Yaşam kalitesini etkileyebiliyor
Çınlamanın yaşam kalitesini düşürdüğünü, bazı hastalarda küçük bir sıkıntı iken bazı hastalarda uyku düzeninin bozulduğunu, endişe sebebiyle depresyon gibi duygusal ve psikolojik semptomlara neden olabildiğini ve şiddetli kulak çınlamasının seslere karşı tahammülsüzlük yarattığını ifade eden Gök, kulak çınlaması olan bireylerde genellikle işitme kaybı görüldüğünü de ifade etti.

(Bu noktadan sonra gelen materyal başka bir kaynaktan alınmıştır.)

(* If $G$ is a connected locally finite quasi-transitive graph with exactly $2$ ends, then there exists a periodic proper edge-coloring of $G$ with $\chi'(G)$ colors.
   Context: A graph is locally finite if every vertex has finite degree; quasi-transitive if $V(G)$ has finitely many orbits under $\mathrm{Aut}(G)$. Ends are equivalence classes of rays (infinite one-way paths), two rays being equivalent if there are infinitely many disjoint paths between them. $\chi'(G)$ is the chromatic index, the minimum number of colors in a proper edge-coloring (adjacent edges get distinct colors). An edge-coloring is periodic if the subgroup of automorphisms of $G$ mapping every edge to an edge of the same color has finitely many orbits on $V(G)$. *)

From Stdlib Require Import List Arith.
Import ListNotations.

Section Graphs.
Context {V : Type}.
Variable adj : V -> V -> Prop.

Definition simple_graph : Prop :=
  (forall x y, adj x y -> adj y x) /\ (forall x, ~ adj x x).

Definition locally_finite : Prop :=
  forall v, exists l : list V, forall w, adj v w -> In w l.

Fixpoint adj_chain (l : list V) : Prop :=
  match l with
  | x :: ((y :: _) as t) => adj x y /\ adj_chain t
  | _ => True
  end.

Definition is_path (p : list V) : Prop :=
  p <> [] /\ NoDup p /\ adj_chain p.

Definition path_from_to (p : list V) (u v : V) : Prop :=
  is_path p /\ hd_error p = Some u /\ hd_error (rev p) = Some v.

Definition connected : Prop :=
  forall u v, exists p, path_from_to p u v.

Definition automorphism (f : V -> V) : Prop :=
  (exists g : V -> V, (forall x, g (f x) = x) /\ (forall x, f (g x) = x)) /\
  (forall x y, adj x y <-> adj (f x) (f y)).

Definition quasi_transitive : Prop :=
  exists S : list V, forall v, exists s f, In s S /\ automorphism f /\ f s = v.

Definition ray (r : nat -> V) : Prop :=
  (forall m n, r m = r n -> m = n) /\ (forall n, adj (r n) (r (S n))).

Definition equiv_rays (r1 r2 : nat -> V) : Prop :=
  exists P : nat -> list V,
    (forall i, exists m n, path_from_to (P i) (r1 m) (r2 n)) /\
    (forall i j x, i <> j -> In x (P i) -> ~ In x (P j)).

Definition has_exactly_two_ends : Prop :=
  exists r1 r2, ray r1 /\ ray r2 /\ ~ equiv_rays r1 r2 /\
    forall r, ray r -> equiv_rays r r1 \/ equiv_rays r r2.

(* edge colourings are represented by c : V -> V -> nat, c x y being the
   colour of the edge xy (values on non-edges are irrelevant) *)
Definition proper_edge_coloring (k : nat) (c : V -> V -> nat) : Prop :=
  (forall x y, adj x y -> c x y = c y x) /\
  (forall x y, adj x y -> c x y < k) /\
  (forall x y z, adj x y -> adj x z -> y <> z -> c x y <> c x z).

Definition edge_colorable (k : nat) : Prop :=
  exists c, proper_edge_coloring k c.

Definition is_chromatic_index (k : nat) : Prop :=
  edge_colorable k /\ forall j, edge_colorable j -> k <= j.

Definition color_preserving_aut (c : V -> V -> nat) (f : V -> V) : Prop :=
  automorphism f /\ forall x y, adj x y -> c (f x) (f y) = c x y.

Definition periodic_coloring (c : V -> V -> nat) : Prop :=
  exists S : list V, forall v, exists s f,
    In s S /\ color_preserving_aut c f /\ f s = v.

End Graphs.

(* Two-endedness and quasi-transitivity yield an automorphism t acting as a translation: a
   finite set Fk and one side Ak of it, separating the two ends, such that t maps Ak and Fk
   into Ak. (Quasi-transitivity moves a connected finite separator far towards one end; if
   that automorphism swaps the ends, composing two such automorphisms gives one that does
   not.) The sets t^j(Ak) are nested, and the j with v in t^(j-1)(Ak) but not in t^j(Ak) is
   a level function: t raises it by 1, edges change it by at most 1, and level 0 is finite,
   since an infinite level would contain a ray (König) belonging to neither end.
   Given any proper k-edge-colouring, its restrictions to the translates t^n(levels 0, 1)
   take finitely many values, so they agree for some n = a < b. Recolouring each edge like
   its translate into the levels [a, b) stays proper, because at the seams the colouring
   agrees with its translate by t^(b-a), and is invariant under t^(b-a), which has finitely
   many orbits. So chi'(G) colours suffice. *)

From Stdlib Require Import List Lia ZArith.
From Stdlib Require Import Classical ClassicalEpsilon FunctionalExtensionality.
From Stdlib Require FinFun.
Import ListNotations.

Yüksek ses maruz kalmak ve travmalar çınlamaya neden olabilir
Yaşlılığa bağlı oluşan işitme kaybında da çınlama görülebildiğini ifade eden Mina Gök, “Kafa travmasından kaynaklanan işitme siniri yaralanmaları, genellikle kulak çınlamasıyla sonuçlanmaktadır. İşitme sinirindeki tümör varlığı da yine hemen hemen her zaman çınlama ile birlikte görülmektedir. Birçok araştırmanın konusu olmasına rağmen, çınlamanın oluşum mekanizması tam olarak anlaşılamamıştır. Ancak genel olarak yüksek sese maruz kalmak, iç kulağı etkileyen işitme kayıpları, kulağa gelen bir darbe veya patlama gürültüsü gibi akustik travma ve bazı ilaçların yan etkileri çınlama ile ilişkilendirilmektedir” diye konuştu.
Gök, şunları söyledi:
“Tedavi için birçok seçenek bulunmaktadır. İşitme cihazları mevcut seçeneklerin başında gelmektedir. İşitme cihazlarının sağladığı çevresel sesleri yükseltme, mevcut çınlamayı bastıracak ve çınlamanın yarattığı rahatsızlığı azaltacaktır. Yine işitme cihazları içindeki maskeleme seçenekleri, okyanus veya doğa sesleri ile çınlamanın işitilmesini azaltacaktır. Antidepresanlar da durumun psikolojik yükünü hafifletmek için sıklıkla tercih edilen yöntemlerden biridir. Ek olarak Bilişsel Davranışçı Terapi (BDT), çınlamanın yarattığı psikolojik güçlükleri azaltmak amacıyla kullanılan psikolojik terapi yöntemlerindendir. Transkraniyal Manyetik Stimülasyon (TMS), çınlama tedavisi için dünya çapındaki kliniklerde kullanılan etkinliği kanıtlanmış bir diğer yöntemdir. Tercih edilen tedavi seçeneklerinden biri de odyologların uyguladığı Tinnitus Retraining Therapy (TRT)’dir. TRT, kulaktan beyne uzanan sinyal transferinden sorumlu mekanizmalarda değişiklik yaratmayı ve böylece doğrudan çınlama kaynaklı reaksiyonları hafifletmeyi hedefleyen danışmanlık ve ses terapisinden oluşan bir yöntemdir.”
Gök, kulak çınlamasının önlenmesi bakımından yüksek sesten korunma, işitme cihazlarının temizliğine dikkat edilmesi ve özellikle stresten kaçınılmasının önemli olduğunu söyledi.